Что мне кажется действительно абсурдным, так это как раз то, что у человека есть тело. Каждый раз, просыпаясь, я заворожён собственным недоумением, почти отчаянием, какой нелепой случайностью кажется мне то, что мой разум закрыт в коробке черепа, перевязан серой слизью, как жгутом, мой разум, который кажется таким открытым! Чтобы смотреть во мне два совершенно инородных, как две опухоли, белых шара, которые, если и могут быть зачем-то нужны, так — вытягивать слёзы из моего открытого существования. И чтó, мне нужно теперь верить в это тело, мистер Тертуллиан?
Сны. Мне снова снится Стамбул. Я брожу у побережья, вглядываюсь в зелёное мраморное море и знаю, что сплю, и думаю, когда же я сюда вернусь? Зачем возвращаться, если вот ты уже здесь?

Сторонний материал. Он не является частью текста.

Lemma lnln_ge_double_exp (T k : nat) : (3 <= T)%N -> (2 ^ (2 ^ k) <= T)%N ->
  (k + 5)%:R <= 1000 * ln (ln (T%:R : R)).
Proof.
move=> T_ge3 T_ge; have T_ge3R : (3 : R) <= T%:R by rewrite (ler_nat R 3).
have lnT_ge : 81 / 80 <= ln (T%:R : R).
  by apply: le_trans ln3_ge _; rewrite ler_ln ?posrE //; lra.
have lnlnT_ge : 1 / 81 <= ln (ln (T%:R : R)).
  apply: le_ln_of_expR; first lra.
  by have := expR_mul1B_le1 (1 / 81); have := expR_gt0 (1 / 81 : R); lra.
case: (leqP k 1) => [k_le1|k_gt1].
  have : (k + 5)%:R <= 6 :> R by rewrite (ler_nat R _ 6); lia.
  lra.
have lnT_ge2k : (2 ^ k.-1)%N%:R <= ln (T%:R : R).
  have two_k : (2 ^ k)%N%:R = 2 * (2 ^ k.-1)%N%:R :> R.
    by rewrite -natrM -expnS prednK // ltnW.
  have pow_le : (2 ^ (2 ^ k))%N%:R <= T%:R :> R by rewrite ler_nat.
  apply: le_trans (_ : ln (2 ^ (2 ^ k))%N%:R <= _); last first.
    by rewrite ler_ln ?posrE ?ltr0n ?expn_gt0 //; lia.
  rewrite [X in ln X]natrX lnXn // -[ln 2 *+ _]mulr_natr two_k.
  by have := ln2_ge; have : (0 : R) <= (2 ^ k.-1)%N%:R by []; nra.
have lnlnT_gek : k.-1%:R / 2 <= ln (ln (T%:R : R)).
  apply: le_trans (_ : ln (2 ^ k.-1)%N%:R <= _); last first.
    by rewrite ler_ln ?posrE ?ltr0n ?expn_gt0 //; lra.
  rewrite [X in ln X]natrX lnXn // -[ln 2 *+ _]mulr_natr.
  by have := ln2_ge; have : (0 : R) <= k.-1%:R by []; nra.
have : (k + 5)%:R <= 500 * k.-1%:R :> R by rewrite -natrM ler_nat; lia.
lra.
Qed.

End LnLn.

Section Expectation.
Import HBNNSimple.

(* No measurability of [f] is needed: the integral of a nonnegative function
   is a supremum over the simple functions below it. *)
Lemma expectation_le_ub (R : realType) (dO : measure_display) (Omega : measurableType dO)
    (P : probability Omega R) (f : Omega -> R) (B : R) :
  (forall w, 0 <= f w) -> (forall w, f w <= B) -> ('E_P[f] <= B%:E)%E.
Proof.
move=> f_ge0 f_le.
rewrite unlock ge0_integralTE; last by move=> w; rewrite lee_fin.
apply: ge_ereal_sup => _ [h /= h_le <-].
have -> : sintegral P h = (\int[P]_w (h w)%:E)%E by rewrite integral_nnsfun // patch_setT.
apply: (@le_trans _ _ (\int[P]_(w in setT) (cst B%:E) w)%E).
  apply: ge0_le_integral => //; first by move=> w _; rewrite lee_fin.
    exact/measurable_EFinP.
  by move=> w _; apply: le_trans (h_le w) _; rewrite lee_fin.
by rewrite integral_cst //; move: (probability_setT P) => /= ->; rewrite mule1.
Qed.

End Expectation.

Theorem mainTheorem7 :
  exists C : nat,
  forall (R : realType) (d : nat) (eps : R) (X : set 'rV[R]_d) (mmax : nat),
    0 < eps -> compact X -> is_max_cover_number X eps mmax ->
  forall (T : nat), (3 <= T)%N ->
  forall (dO : measure_display) (Omega : measurableType dO)
         (P : probability Omega R)
         (xs : Omega -> nat -> 'rV[R]_d) (qs : Omega -> nat -> bool),
    (forall w t, (t < T)%N -> X (xs w t)) ->
    ('E_P[fun w => (total_local_stages eps T (xs w) (qs w))%:R]
       <= (C%:R * mmax%:R * ln (ln T%:R))%:E)%E /\
    ('E_P[fun w => (global_stage eps T (xs w) (qs w))%:R]
       <= (C%:R * ln (ln T%:R))%:E)%E.
Proof.
exists 1000%N => R d eps X M eps_gt0 _ [_ M_max] T T_ge3 dO Omega P xs qs xs_X.
have [k /andP[T_ge T_lt]] := double_exp_bracket (ltnW T_ge3).
have T_gt0 : (0 < T)%N by lia.
have lnln_T := @lnln_ge_double_exp R _ _ T_ge3 T_ge.
split; apply: expectation_le_ub => w //.
- have := total_local_stages_le eps_gt0 M_max T_gt0 T_lt (qs w) (xs_X w).
  by rewrite -(ler_nat R) natrM; have : (0 : R) <= M%:R by []; nra.
- have := global_stage_le eps_gt0 M_max T_gt0 T_lt (qs w) (xs_X w).
  by rewrite -(ler_nat R); lra.
Qed.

Я просыпаюсь и первое что я читаю — сообщение от бывшего друга, которого я всегда звал Малышом: “Просто поразительно, как много ты о себе думаешь! Мне кажется, ты и сам прекрасно знаешь, что ты устроил свой вояж по странам ближнего зарубежья из-за заведомо не имеющей никакой юридической силы бумажки, которую тебе вручили менты после митинга в Москве, но ты решил сделать из этого нечто большее, поэтому теперь шатаешься по барам то Стамбула, то Еревана, и неубедительно изображаешь из себя диссидента-мученика за стакан выпивки, вот и все”. Я не отвечаю. Разумеется, он прав. Сам Малыш недавно устроился в раша-тудэй, конечно не пропагандой заниматься, а на арабский канал, какие ещё у него — юного арабиста без реальной практики в арабских странах — есть карьерные пути? Его старшая сестра, которая на днях была в Ереване и передала нам с Дашей пакет фруктов и бутылку вина в качестве гуманитарной помощи, тепло поздравила его в комментариях к его посту в телеграмме. Напившись, я добавил под её поздравлением своё, короткое: “ты урод”. А когда-то Малышу было девятнадцать, я был в него влюблён и он работал в крематории, сжигал мертвецов, а напиваясь — прилюдно дрочил, пока я любовался его пламенем. Даша говорит: тебе легко, ты выполз из ниоткуда, бродяжничаешь уже десятилетие, привык побираться, а Малыш, он из обеспеченной московской семьи, ну куда он попрётся? Но мне тяжело это слушать.
Я доверяю Даше и её словам, пока она рядом со мной, пока она здесь — доверяю, она меня никогда не предавала. Доверяю, даже когда она говорит о моей прозе: “твоя проза неискренна, потому что ты ненавидишь прозу. Для тебя всё это просто игра. Ты рождён для поэзии, Никита, вот ей и занимайся”. Конечно, я доверяю её словам, я действительно ненавижу прозу. Я так же доверяю словам Малыша: я неубедительно изображаю из себя дессидента-мученика за стакан выпивки, вот и всё. Вот и всё.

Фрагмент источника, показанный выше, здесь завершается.